▶ _ABOUT THIS TASK_: Please set down exactly the lines of the listing below from the line containing "case/orP => //" through the line containing "move=> /prefix_nthP [_", both lines included, leaving out all other lines.

▶ _GIVEN ENTRIES_:
▼
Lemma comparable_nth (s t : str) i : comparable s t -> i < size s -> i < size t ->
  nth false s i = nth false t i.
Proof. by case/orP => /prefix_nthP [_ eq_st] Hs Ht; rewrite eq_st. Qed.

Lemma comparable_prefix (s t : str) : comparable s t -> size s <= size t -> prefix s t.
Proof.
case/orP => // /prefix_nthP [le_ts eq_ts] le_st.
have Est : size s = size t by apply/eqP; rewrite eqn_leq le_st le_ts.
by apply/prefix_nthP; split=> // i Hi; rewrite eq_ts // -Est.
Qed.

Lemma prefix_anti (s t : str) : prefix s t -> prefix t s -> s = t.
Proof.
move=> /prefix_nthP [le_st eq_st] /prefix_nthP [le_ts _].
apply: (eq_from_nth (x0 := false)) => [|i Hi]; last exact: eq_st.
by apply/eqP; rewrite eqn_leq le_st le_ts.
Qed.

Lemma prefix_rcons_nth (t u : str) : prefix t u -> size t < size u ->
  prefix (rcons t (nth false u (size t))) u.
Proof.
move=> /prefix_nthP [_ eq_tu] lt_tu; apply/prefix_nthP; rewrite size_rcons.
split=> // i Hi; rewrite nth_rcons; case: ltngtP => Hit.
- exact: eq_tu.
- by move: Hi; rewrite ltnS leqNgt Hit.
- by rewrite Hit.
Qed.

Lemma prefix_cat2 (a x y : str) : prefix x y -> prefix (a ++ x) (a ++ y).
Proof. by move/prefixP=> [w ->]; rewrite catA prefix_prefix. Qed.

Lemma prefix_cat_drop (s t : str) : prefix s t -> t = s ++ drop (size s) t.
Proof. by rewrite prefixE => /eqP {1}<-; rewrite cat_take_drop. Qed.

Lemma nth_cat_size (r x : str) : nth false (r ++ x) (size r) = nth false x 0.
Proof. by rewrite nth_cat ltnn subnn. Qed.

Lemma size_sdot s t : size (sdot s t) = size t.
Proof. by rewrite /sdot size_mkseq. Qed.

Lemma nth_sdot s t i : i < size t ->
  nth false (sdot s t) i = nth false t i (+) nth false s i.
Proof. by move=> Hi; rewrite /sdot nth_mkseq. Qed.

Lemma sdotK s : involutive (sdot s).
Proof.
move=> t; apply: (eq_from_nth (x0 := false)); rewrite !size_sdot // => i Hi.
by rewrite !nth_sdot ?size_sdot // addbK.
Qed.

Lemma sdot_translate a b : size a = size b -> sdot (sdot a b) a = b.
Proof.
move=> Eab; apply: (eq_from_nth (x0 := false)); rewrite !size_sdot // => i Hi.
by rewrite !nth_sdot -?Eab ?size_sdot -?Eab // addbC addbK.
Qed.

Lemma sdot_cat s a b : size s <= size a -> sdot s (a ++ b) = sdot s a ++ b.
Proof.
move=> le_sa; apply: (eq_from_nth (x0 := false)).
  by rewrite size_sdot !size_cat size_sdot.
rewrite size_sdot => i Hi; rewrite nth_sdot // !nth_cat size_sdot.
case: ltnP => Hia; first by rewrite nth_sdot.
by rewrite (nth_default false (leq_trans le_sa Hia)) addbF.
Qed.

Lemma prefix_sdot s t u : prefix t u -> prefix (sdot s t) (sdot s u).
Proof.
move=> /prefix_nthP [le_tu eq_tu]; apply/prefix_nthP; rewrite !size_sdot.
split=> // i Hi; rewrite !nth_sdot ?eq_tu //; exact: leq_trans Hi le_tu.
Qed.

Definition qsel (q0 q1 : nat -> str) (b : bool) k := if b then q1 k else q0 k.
▲
▶ _RESULT OF THE TASK_:
case/orP => // /prefix_nthP [le_ts eq_ts] le_st.
have Est : size s = size t by apply/eqP; rewrite eqn_leq le_st le_ts.
by apply/prefix_nthP; split=> // i Hi; rewrite eq_ts // -Est.
Qed.

Lemma prefix_anti (s t : str) : prefix s t -> prefix t s -> s = t.
Proof.
move=> /prefix_nthP [le_st eq_st] /prefix_nthP [le_ts _].
apply: (eq_from_nth (x0 := false)) => [|i Hi]; last exact: eq_st.
by apply/eqP; rewrite eqn_leq le_st le_ts.
Qed.

Lemma prefix_rcons_nth (t u : str) : prefix t u -> size t < size u ->
  prefix (rcons t (nth false u (size t))) u.
Proof.
move=> /prefix_nthP [_ eq_tu] lt_tu; apply/prefix_nthP; rewrite size_rcons.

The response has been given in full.